To:   seaoc(--nospam--at)seaoc.org
cc:    (bcc: Richard Ranous/OES)
Subject:  Re: Repair Standards before the next one...




Its been a healthy discussion on this issue of the need for repair
standards
Rick, Bob, Brian, Tim, Dennis and Tom. Thanks!
As with most policy considerations, we can rarely expect unanimous support
for
any one alternative.
On the one hand, California has a strong local/weak state system of
building
codes and enforcement and there is a large constituency that would like to
protect the rights of local governments to determine their own regulations.
Bob Bossi spoke on their behalf well. Those local governments that are
willing
to take the time to tweak the code should probably be allowed to within
limits
provided that special interests don't unduly compromise safety.
On the other hand, there are considerable numbers of design professionals
and
building officials that demand code uniformity. Its just plain easier to
apply
and enforce even if its crude and unfair to some.
All 700 plus local, state and special agencies are exposed to a significant
FEMA policy change unless they take an action soon. FEMA will not reimburse
for many repairs unless local, state, and special agencies adopt a repair
code
prior to disasters. Perhaps there is a way to help all these agencies
protect
their interests by considering a single action at the state level that
effects
them all, and by still allowing local or special agency amendments at the
discretion of City Councils, Boards of Directors/Supervisors, etc.

Aren't even interim codes (like the first Riley Act in 1933) better than no
code at all? Won't more widespread use of App. Ch. 34 accelerate its
improvement? In the past, only a relative handful of local governments take
the time and have the staff and technical appointees to consider major
amendments to building codes. San Francisco is one of them where Bob Bossi
has
considerable experience. Most local governments don't even bother to take
up
City Council time with these relatively arcane, difficult-to-understand
matters.
I understand that ATC 43 has been getting some criticism from the current
SEAOC Seismology Committee. Has anyone been following this line of
arguments?
To sum it up, I visualize four choices so far:
1) Take an action soon at the state level that effects all occupancies with
some wiggle room for the Bossi clans, and prevent the future loss of FEMA
disaster assistance. Then plan on updating App. Ch. 34 at some later date
once
consensus is achieved about better repair triggers.
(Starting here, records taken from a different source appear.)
(* Let $\Omega$ be a finite set, $(H_i\mid i\in\Omega)$ finite abelian groups with $|H_i|=|H_l|\geqslant 3$ for all $i,l\in\Omega$, $\mathbf{H}=\prod_{i\in\Omega}H_i$, and $\mathbf{P}=(\Omega,\preccurlyeq_{\mathbf{P}})$ a poset. Let $\Lambda$ be the dual partition of $\mathcal{Q}(\mathbf{H},\mathbf{P})$. Then $\Lambda$ is finer than $\mathcal{Q}(\hat{\mathbf{H}},\overline{\mathbf{P}})$, i.e., every block of $\Lambda$ is contained in some block of $\mathcal{Q}(\hat{\mathbf{H}},\overline{\mathbf{P}})$.
   Context: $\hat{\mathbf{H}}$ is the character group of $\mathbf{H}$, identified with $\prod_{i}\hat{H_i}$ via $\alpha(\beta)=\prod_i\alpha_{(i)}(\beta_{(i)})$. For a codeword $\beta$ (in $\mathbf{H}$ or $\hat{\mathbf{H}}$), $\mathrm{supp}(\beta)$ is the set of coordinates $i$ where $\beta_{(i)}$ is not the identity. For $B\subseteq\Omega$, $\langle B\rangle_{\mathbf{P}}=\{a:\exists b\in B, a\preccurlyeq_{\mathbf{P}}b\}$, and $\mathrm{wt}_{\mathbf{P}}(\beta)=|\langle\mathrm{supp}(\beta)\rangle_{\mathbf{P}}|$. $\mathcal{Q}(\mathbf{H},\mathbf{P})$ is the partition of $\mathbf{H}$ into classes of equal $\mathbf{P}$-weight; $\mathcal{Q}(\hat{\mathbf{H}},\overline{\mathbf{P}})$ is the partition of $\hat{\mathbf{H}}$ into classes of equal $\overline{\mathbf{P}}$-weight, where $\overline{\mathbf{P}}$ is the dual poset ($u\preccurlyeq_{\overline{\mathbf{P}}}v\iff v\preccurlyeq_{\mathbf{P}}u$). The dual partition of a partition $\Gamma$ of $\mathbf{H}$ is the partition of $\hat{\mathbf{H}}$ in which $\chi,\psi$ lie in the same block iff $\sum_{b\in B}\chi(b)=\sum_{b\in B}\psi(b)$ for every block $B\in\Gamma$. *)

From HB Require Import structures.
From mathcomp Require Import all_boot all_order all_algebra all_field.
Set Implicit Arguments. Unset Strict Implicit. Unset Printing Implicit Defensive.
Import GRing.Theory.
Local Open Scope ring_scope.

Section PosetWeights.
Variables (Omega : finType) (H : Omega -> finZmodType).

(* the group H = prod_i H_i, written as dependent finite functions *)
Definition codeword := {dffun forall i : Omega, H i}.

Definition is_character (G : finZmodType) (f : G -> algC) : Prop :=
  f 0 = 1 /\ forall a b : G, f (a + b) = f a * f b.

(* elements of hat H, identified with tuples of characters of the H_i *)
Definition chartuple := forall i : Omega, H i -> algC.

Definition is_chartuple (alpha : chartuple) : Prop :=
  forall i, is_character (alpha i).

Definition char_eval (alpha : chartuple) (beta : codeword) : algC :=
  \prod_(i : Omega) alpha i (beta i).

Definition supp (beta : codeword) : {set Omega} := [set i | beta i != 0].

Definition char_supp (alpha : chartuple) : {set Omega} :=
  [set i | [exists x : H i, alpha i x != 1]].

End PosetWeights.

Definition ideal (Omega : finType) (le : rel Omega) (B : {set Omega}) : {set Omega} :=
  [set a | [exists b in B, le a b]].

Definition dual_rel (Omega : finType) (le : rel Omega) : rel Omega :=
  fun u v => le v u.

Definition is_poset (Omega : finType) (le : rel Omega) : Prop :=
  reflexive le /\ antisymmetric le /\ transitive le.

Definition wtP (Omega : finType) (H : Omega -> finZmodType) (le : rel Omega)
  (beta : codeword H) : nat := #|ideal le (supp beta)|.

Definition wtPbar_char (Omega : finType) (H : Omega -> finZmodType) (le : rel Omega)
  (alpha : chartuple H) : nat := #|ideal (dual_rel le) (char_supp alpha)|.

From HB Require Import structures.
From mathcomp Require Import all_boot all_order all_algebra all_field.
Set Implicit Arguments. Unset Strict Implicit. Unset Printing Implicit Defensive.
Import GRing.Theory Num.Theory.
Local Open Scope ring_scope.

(* Sort the codewords by the down-set [I] generated by their support.  For a
   down-set [I], the codewords generating [I] are those nonzero on the maximal
   elements of [I] and zero outside [I]: a product set, so the character sum of
   [chi] over them factors over the coordinates.  A non-maximal coordinate of
   [I] where [chi] is nontrivial contributes a full character sum, hence 0.
   Therefore the largest down-set with a nonzero class sum is the set [F] of
   points with no point of [T = supp chi] strictly below them, and its class
   sum has absolute value (q-1)^y q^x, where q = |H_i|, x = |F \ max F| and
   y = |max F \ T|.  So the P-weight sums of [chi] determine |F|, hence
   (q-1)^y q^x, hence (as q >= 3) x and y; and x + y is |Omega| minus the
   size of the up-set generated by [T], which is the Pbar-weight of [chi]. *)

Section DependentProducts.
Variables (R : comPzSemiRingType) (I : finType) (T_ : I -> finType).

Lemma sum_dffun_prod (F : forall i, T_ i -> R) :
  \sum_(f : {dffun forall i, T_ i}) \prod_i F i (f i) = \prod_i \sum_(x : T_ i) F i x.
Proof.
pose G i := [ffun x : T_ i => F i x].
rewrite (reindex (@dffun_of_fprod I T_)) /=; last exact/onW_bij/dffun_of_fprod_bij.
transitivity (\sum_(t : fprod T_) \prod_(i in I) G i (t i)).
  by apply: eq_bigr => t _; apply: eq_bigr => i _; rewrite !ffunE.
rewrite (big_fprod 1 +%R) -(bigA_distr_big_dep _ (fun i => untag 0 (G i))).
apply: eq_bigr => i _; rewrite -(big_tag (fun i x => G i x)).
by apply: eq_bigr => x _; rewrite ffunE.
Qed.
Lemma lim_dist_le u l k x B : Un_cv u l ->
  (forall m, Rabs (u (k + m)%nat - x) <= B) -> Rabs (l - x) <= B.
Proof.
  intros Hu HB. destruct (Rle_lt_dec (Rabs (l - x)) B) as [H|H]; auto. exfalso.
  destruct (Hu (Rabs (l - x) - B) ltac:(lra)) as [N HN].
  specialize (HN (k + N)%nat ltac:(lia)). specialize (HB N). unfold Rdist in HN.
  assert (Rabs (l - x) <= Rabs (l - u (k + N)%nat) + Rabs (u (k + N)%nat - x)).
  { replace (l - x) with ((l - u (k + N)%nat) + (u (k + N)%nat - x)) by ring.
    apply Rabs_triang. }
  rewrite Rabs_minus_sym in HN. lra.
Qed.

Fixpoint fwd_sol (a f : nat -> R) (k : nat) : R :=
  match k with O => 0 | S k' => a k' * fwd_sol a f k' + f k' end.

(* Coefficients of the variation-of-constants formula
   d_k = cprod a 0 k * (d_0 + sum_{j<k} vc_coef a f j). *)
Definition vc_coef (a f : nat -> R) (j : nat) : R := f j / cprod a 0 (S j).

Section BoundedSolution.
Variables (a f : nat -> R) (n : nat) (M delta : R).
Hypotheses (n_pos : (0 < n)%nat) (a_nz : forall j, a j <> 0)
  (a_per : forall k, a (k + n)%nat = a k) (rsum_le : forall k, rsum a k n <= M)
  (f_le : forall k, Rabs (f k) <= delta).

Lemma delta_nonneg : 0 <= delta.
Proof. eapply Rle_trans; [apply Rabs_pos|apply (f_le 0)]. Qed.

Lemma fwd_sol_bound k : Rabs (fwd_sol a f k) <= delta * wsum a 0 k.
Proof.
  induction k; simpl; [rewrite Rabs_R0; lra|].
  eapply Rle_trans; [apply Rabs_triang|]. rewrite Rabs_mult.
  assert (Rabs (a k) * Rabs (fwd_sol a f k) <= Rabs (a k) * (delta * wsum a 0 k))
    by (apply Rmult_le_compat_l; auto; apply Rabs_pos).
  pose proof (f_le k). nra.
Qed.

Lemma contracting_solution : Rabs (cprod a 0 n) < 1 ->
  exists d, (forall k, d (S k) = a k * d k + f k) /\
    (forall k, Rabs (d k) <= Rabs (cprod a 0 n) / (1 - Rabs (cprod a 0 n)) * M * delta).
Proof.
  intros Hr. exists (fwd_sol a f). split; [reflexivity|]. intros k.
  eapply Rle_trans; [apply fwd_sol_bound|].
  pose proof (wsum_bound a n a_per n_pos a_nz M rsum_le Hr k).
  pose proof delta_nonneg. rewrite (Rmult_comm _ delta).
  apply Rmult_le_compat_l; auto.
Qed.

Lemma vc_tail_bound k m :
  Rabs (cprod a 0 k) * (psum (fun j => Rabs (vc_coef a f j)) (k + m)
                        - psum (fun j => Rabs (vc_coef a f j)) k) <= delta * rsum a k m.
Proof.
  induction m.
  - rewrite Nat.add_0_r, Rminus_diag; simpl; lra.
  - rewrite Nat.add_succ_r; simpl.
    assert (E : cprod a 0 (S (k + m)) = cprod a 0 k * cprod a k (S m))
      by (rewrite <- Nat.add_succ_r, cprod_add; reflexivity).
    assert (Hk : 0 < Rabs (cprod a 0 k)) by (apply Rabs_pos_lt, cprod_nz; auto).
    assert (Hkm : 0 < Rabs (cprod a k (S m))) by (apply Rabs_pos_lt, cprod_nz; auto).
    assert (Rabs (cprod a 0 k) * Rabs (vc_coef a f (k + m)) <= delta * / Rabs (cprod a k (S m))).
    { unfold vc_coef, Rdiv. rewrite E, Rabs_mult, Rabs_inv, Rabs_mult.
      apply (Rmult_le_reg_r (Rabs (cprod a k (S m)))); auto.
      rewrite (Rmult_assoc delta), Rinv_l, Rmult_1_r by lra. pose proof (f_le (k + m)).
      replace (Rabs (cprod a 0 k) * (Rabs (f (k + m)%nat)
               * / (Rabs (cprod a 0 k) * Rabs (cprod a k (S m)))) * Rabs (cprod a k (S m)))
        with (Rabs (f (k + m)%nat)) by (field; lra). lra. }
    simpl in *. nra.
Qed.

(* rho > 1: the solution d_k = - cprod a 0 k * sum_{j >= k} vc_coef a f j,
   defined through a convergent series, is bounded. *)
Lemma expanding_solution : 1 < Rabs (cprod a 0 n) ->
  exists d, (forall k, d (S k) = a k * d k + f k) /\
    (forall k, Rabs (d k) <= Rabs (cprod a 0 n) / (Rabs (cprod a 0 n) - 1) * M * delta).
Proof.
  intros Hr. set (rho := Rabs (cprod a 0 n)) in *.
  set (B := rho / (rho - 1) * M).
  pose proof delta_nonneg as Hdelta.
  assert (HB : forall m k, delta * rsum a k m <= delta * B)
    by (intros; apply Rmult_le_compat_l; auto; apply rsum_bound; auto).
  assert (Hsum : forall m, psum (fun j => Rabs (vc_coef a f j)) m <= delta * B).
  { intros m. pose proof (vc_tail_bound 0 m) as H. simpl in H.
    rewrite Rabs_R1 in H. pose proof (HB m 0%nat). lra. }
  destruct (psum_cv (vc_coef a f) (delta * B) Hsum) as [L HL].
  exists (fun k => - cprod a 0 k * (L - psum (vc_coef a f) k)). split.
  - intros k. simpl. unfold vc_coef; simpl.
    pose proof (cprod_nz a a_nz 0 k). pose proof (a_nz k). field; auto.
  - intros k.
    assert (Hk : 0 < Rabs (cprod a 0 k)) by (apply Rabs_pos_lt, cprod_nz; auto).
    assert (Hdist : forall m, Rabs (psum (vc_coef a f) (k + m) - psum (vc_coef a f) k) <= delta * B / Rabs (cprod a 0 k)).
    { intros m. apply (Rmult_le_reg_l (Rabs (cprod a 0 k))); auto.
      replace (Rabs (cprod a 0 k) * (delta * B / Rabs (cprod a 0 k))) with (delta * B)
        by (field; lra).
      eapply Rle_trans; [apply Rmult_le_compat_l; [lra|apply psum_abs_diff]|].
      eapply Rle_trans; [apply vc_tail_bound|apply HB]. }
    pose proof (lim_dist_le _ _ k _ _ HL Hdist).
    rewrite Rabs_mult, Rabs_Ropp.
    replace (B * delta) with (Rabs (cprod a 0 k) * (delta * B / Rabs (cprod a 0 k)))
      by (field; lra).
    apply Rmult_le_compat_l; lra.
Qed.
2) Delay an action at the state level until such time that App. Ch. 34 can
be
amended to please the likes of Kehoe, et al. This could take a while
considering the full agenda of the ICC and SEAOC in the next cycle. Perhaps
this could include some politically correct committee as proposed by
Greenlaw.
But this could expose us to a disaster or two in the interim where FEMA can
play grinch. With Clinton in office, this may not be such a great risk
since
Presidents need California to win and they can't resist giving out money
after
disasters; or
3) Do nothing at the state level and encourage each local govt, state and
special agency board/council to consider adopting their own repair code.
This
is much like option 4 since most local governments could care less about
this
subject until after it happens to them, and there are far too many of them
to
approach in any systematic manner; or
4) Do nothing, which sounds like no one except the unknowing might desire.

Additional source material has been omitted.